This means a lot of different things to a lot of people.
Whatever way you look at it, life is hard and there are winners and losers and those who sit in a grey area. What makes someone successful to me is being content and happy, and I wouldn’t be jealous if someone could achieve that for themselves
I don’t get jealous of others success. I have schizophrena, and I have my success. It’s a success for me to take a shower, remember to eat, take my medicine, keep a job, and not kill myself. Success isn’t about a new car, millions of dollars, or some fancy executive job. For us, it’s about getting through each day alive.

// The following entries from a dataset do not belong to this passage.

Lemma NF_subterm (t u : term Sg) q : NF Rs t -> subterm_at t q = Some u -> NF Rs u.
Proof.
  intros Ht Hq [r [p [sigma [Hr Hp]]]]. apply Ht. exists r, (q ++ p), sigma.
  now rewrite subterm_at_app, Hq.
Qed.

Lemma redex_not_NF r sigma : In r Rs -> ~ NF Rs (subst (lhs r) sigma).
Proof. intros Hr H. apply H. now exists r, [], sigma. Qed.

Fixpoint annotated_nonNF (t : aterm Sg) : Prop :=
  match t with
  | Var _ => True
  | Fn fb us => (defined Rs (fst fb) -> ~ NF Rs (erase (Fn fb us)) -> snd fb = true) /\
                fold_right and True (map annotated_nonNF us)
  end.

Lemma annotated_nonNF_subterm p (s u : aterm Sg) :
  annotated_nonNF s -> subterm_at s p = Some u -> annotated_nonNF u.
Proof.
  revert s; induction p as [| i p IH]; intros s Hs Hp; simpl in Hp.
  - congruence.
  - destruct s as [| fb us]; [discriminate |].
    destruct (nth_error us i) eqn:E; [| discriminate].
    destruct Hs as [_ Hs]. apply fold_and_Forall in Hs. rewrite Forall_forall in Hs.
    eapply IH; eauto. apply Hs. eapply nth_error_In; eauto.
Qed.

(* The ancestors of the non-normal subterm [u] are non-normal, hence already annotated. *)
Lemma annotated_nonNF_replace_at p (s u w : aterm Sg) :
  subterm_at s p = Some u -> ~ NF Rs (erase u) ->
  annotated_nonNF s -> annotated_nonNF w -> annotated_nonNF (replace_at s p w).
Proof.
  revert s; induction p as [| i p IH]; intros s Hp Hu Hs Hw; simpl in *; auto.
  destruct s as [| fb us]; auto.
  destruct (nth_error us i) eqn:E; [| discriminate].
  destruct Hs as [Hroot Hs]. apply fold_and_Forall in Hs. split.
  - intros Hd _. apply Hroot; auto. intros HN. apply Hu.
    apply (NF_subterm (q := i :: p) HN). rewrite subterm_at_erase. simpl. now rewrite E, Hp.
  - apply fold_and_Forall, Forall_list_upd; auto.
    intros x Hx. rewrite E in Hx. injection Hx as <-. eapply IH; eauto.
    rewrite Forall_forall in Hs. apply Hs. eapply nth_error_In; eauto.
Qed.
Lemma noncompact_filter (X : topologicalType) : ~ compact [set: X] ->
  exists F : set_system X, ProperFilter F /\ forall x, ~ cluster F x.
Proof.
move=> nc; apply: contrapT => H; apply: nc => F FF _; apply: contrapT => H2; apply: H.
by exists F; split => // x cx; apply: H2; exists x.
Qed.

Section CompactNets.
Variables (R : realType) (X : topologicalType) (d : X -> X -> R).
Hypothesis d_ult : is_ultrametric d.
Hypothesis d_top : generates_topology d.
Hypothesis X_compact : compact [set: X].

(* Otherwise the sets of points avoiding the t-balls around finite lists would
   generate a proper filter, whose cluster point p avoids the ball around [:: p]. *)
Lemma compact_net t : 0 < t -> exists L : seq X, forall x, exists2 c, c \in L & d x c < t.
Proof.
move=> t0; apply: contrapT => H.
pose B (L : seq X) := [set x | forall c, c \in L -> ~ (d x c < t)].
have hB L : B L !=set0.
  apply: contrapT => H2; apply: H; exists L => x.
  by apply: contrapT => H3; apply: H2; exists x => c cL hxc; apply: H3; exists c.
have GF : Filter (filter_from setT B).
  apply: filter_fromT_filter; first by exists [::].
  by move=> L1 L2; exists (L1 ++ L2) => x Bx; split => c cL; apply: Bx; rewrite mem_cat cL ?orbT.
have GP : ProperFilter (filter_from setT B) by apply: filter_from_proper => L _; apply: hB.
have [p [_ cp]] := X_compact GP filterT.
have [z [Bz hz]] := cp _ _ (@in_filter_from _ _ setT B [:: p] I) (ball_nbhs p d_ult d_top t0).
by apply: (Bz p); [rewrite inE eqxx | rewrite um_sym].
Qed.

Lemma compact_nets (r : nat -> R) : (forall m, 0 < r m) ->
  exists L : nat -> seq X, forall m x, exists2 c, c \in L m & d x c < r m.
Proof. by move=> r0; have [L hL] := choice (fun m => compact_net (r0 m)); exists L. Qed.
Lemma crossing_share_edge x y a : x != y -> e' x y -> a \in RV (f y) ->
  has_edge (RV (f x)) a (right_of a) -> has_edge (RV (f y)) a (up_of a) ->
  share_edge (RE x) (RE y).
Proof.
move=> hxy exy hay Rx Uy; have fxy := f_neq hxy.
have fyx : f y != f x by rewrite eq_sym.
have dx : detour_at x a by apply/existsP; exists y; rewrite exy hay eq_sym hxy.
exists (cell a (0,0)), (cell a (0,1)); split; first exact: gadj_cell.
- have := window_through_edge (RV_path (f x)) Rx; rewrite port_right => /(_ isT) [q [n [hw hne]]].
  have [hq hn] := window_ports_horizontal fxy Uy hw.
  by rewrite /RE; apply: (refine_has_edge hw); rewrite dx; apply: route_detour_left_side.
- have := window_through_edge (RV_path (f y)) Uy; rewrite port_up => /(_ isT) [q [n [hw hne]]].
  have [hq hn] := window_ports_vertical fyx Rx hw.
  by rewrite /RE; apply: (refine_has_edge hw); apply: route_vertical_left_side; rewrite ?port_le2.
Qed.

Lemma crossing_block_edge x y a q0 n0 q1 n1 d1 d2 : x != y ->
  a \in RV (f x) -> a \in RV (f y) ->
  has_edge (RV (f x)) a (right_of a) -> has_edge (RV (f y)) a (up_of a) ->
  (q0, a, n0) \in path_windows (RV (f x)) -> (q1, a, n1) \in path_windows (RV (f y)) ->
  has_edge (route (port a q0) (port a n0) (detour_at x a)) d1 d2 ->
  has_edge (route (port a q1) (port a n1) (detour_at y a)) d1 d2 ->
  e' x y.
Proof.
move=> hxy hax hay Rx Uy hw0 hw1 hr0 hr1; have fxy := f_neq hxy.
have fyx : f y != f x by rewrite eq_sym.
case dx: (detour_at x a) hr0 => hr0.
  case/existsP: dx => z /andP [/andP [hzx haz] exz].
  have [<- //|hzy] := eqVneq z y; rewrite eq_sym in hzy.
  by rewrite eq_sym in hzx; case: (no_three_paths_at fxy (f_neq hzx) (f_neq hzy) hax hay haz).
have [hq0 hn0] := window_ports_horizontal fxy Uy hw0.
have [hq1 hn1] := window_ports_vertical fyx Rx hw1.
by have := route_no_common_edge (detour_at y a) hq0 hn0 (port_le2 a q1) (port_le2 a n1) hq1 hn1 hr0;
  rewrite hr1.
Qed.

Lemma share_edge_crossing v u : v != u -> e' v u ->
  (exists a, [/\ a \in RV (f v), a \in RV (f u) &
   ((has_edge (RV (f v)) a (right_of a) && has_edge (RV (f u)) a (up_of a)) \/
    (has_edge (RV (f v)) a (up_of a) && has_edge (RV (f u)) a (right_of a)))]) ->
  share_edge (RE v) (RE u).
Proof.
move=> hvu evu [a [hav hau [/andP [h1 h2]|/andP [h1 h2]]]].
  exact: (crossing_share_edge hvu evu hau h1 h2).
rewrite eq_sym in hvu; rewrite e'_sym in evu.
have [p [q [g H1 H2]]] := crossing_share_edge hvu evu hav h2 h1.
by exists p, q.
Qed.

Lemma share_edge_adjacent v u : v != u -> share_edge (RE v) (RE u) -> e' v u.
Proof.
move=> hvu [p [q [_ hv hu]]]; have fvu := f_neq hvu.
have pos x b : b \in RV (f x) -> pos_pt b by exact: grid_path_pos.
have hpos x b c : has_edge (RV (f x)) b c -> pos_pt b /\ pos_pt c.
  by move/has_edge_mem => [hb hc]; split; apply: (pos x).
case: (refine_has_edgeP (RV_path (f v)) hv) =>
    [[q0 [a [n0 [d1 [d2 [hw0 hr0 o1 o2 [ep0 eq0]]]]]]]|[b [c [hbc [ep0 eq0]]]]];
  case: (refine_has_edgeP (RV_path (f u)) hu) =>
    [[q1 [a' [n1 [d1' [d2' [hw1 hr1 o1' o2' [ep eq]]]]]]]|[b' [c' [hbc' [ep eq]]]]];
  rewrite {}ep0 {}eq0 in ep eq.
- have hav : a \in RV (f v) := windows_mid hw0.
  have hau : a' \in RV (f u) := windows_mid hw1.
  have [ea ed1] := cell_inj (pos _ _ hav) (pos _ _ hau) o1 o1' ep.
  have [_ ed2] := cell_inj (pos _ _ hav) (pos _ _ hau) o2 o2' eq.
  move: hw1 hr1 hau; rewrite -ea -ed1 -ed2 => hw1 hr1 hau.
  case: (RV_crossing fvu hav hau) => /andP [h1 h2].
    exact: (crossing_block_edge hvu hav hau h1 h2 hw0 hw1 hr0 hr1).
  by rewrite e'_sym; apply: (crossing_block_edge _ hau hav h2 h1 hw1 hw0 hr1 hr0); rewrite eq_sym.
- have [pb pc] := hpos _ _ _ hbc'; have pa : pos_pt a := pos _ _ (windows_mid hw0).
  by case: (gates_in_block pa pb pc o1 o2 (has_edge_gadj (RV_path _) hbc') (esym ep) (esym eq)).
- have [pb pc] := hpos _ _ _ hbc; have pa : pos_pt a' := pos _ _ (windows_mid hw1).
  by case: (gates_in_block pa pb pc o1' o2' (has_edge_gadj (RV_path _) hbc) ep eq).
- have [pb pc] := hpos _ _ _ hbc; have [pb' pc'] := hpos _ _ _ hbc'.
  have eb := gate_cell_eq pb pb' (port_corner_offset _) ep.
  have ec := gate_cell_eq pc pc' (port_corner_offset _) eq.
  subst b' c'.
  by case: (RV_edge_disjoint fvu (has_edge_gadj (RV_path _) hbc) (conj hbc hbc')).
Qed.

Lemma RE_x_monotone x : x_monotone (RV (f x)) -> x_monotone (RE x).
Proof.
have [_ _ _ hadj] := RV_path (f x).
case/(x_monotone_dichotomy hadj) => hmono.
- exact/x_monotone_nondecr/refine_x_nondecr.
- exact/x_monotone_nonincr/refine_x_nonincr.
Qed.

End ProperVPG.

i used to be jealous, then changed to grateful then felt inferior once more, but now i have accepted who i am. Be it successful or not in terms of materialistic, i am successful in my own ways. Some of my values are good, only recently i got to know some good friends (when at the age of 32 to 33 [i am now 33 years old]) initially i felt i wasted 33 years of my life, but it’s not really the case. every step that i took was a learning lesson for me, it was meant to mold me into a better person. Yes, i may have suffered, but it was because of these sufferings that i have what my character is now.
being grateful needs to be “learnt” it can take time but be assured (of a saying) " if there is a will, there is a way", just keep trying ^^. Good luck and be blessed ^^
For me, success is having a friend in my life I can trust and having enough money to live on to where things are not always super difficult. Some people feel inadequate because they want that 150k /yr job, and to be honest, people can get that job if they really apply themselves, and often times people marry who they think is the prettiest/handsomest thinking they have this picture perfect life, but take a look at the divorce and infidelity rate. Throw away all of the ideas of what it means to be successful in this world and ask yourself what you need to make you happy, then start working towards it.
When I was a kid I had bad problems with that sort of jealousy. Nowadays I don’t and am not sure why it went away. I’m happy for people when they do well. I think because I expect that someday I will be doing just as well, I’m just not quite there yet. I think that mentality helps.
Also knowing that everyone has their fair share of issues.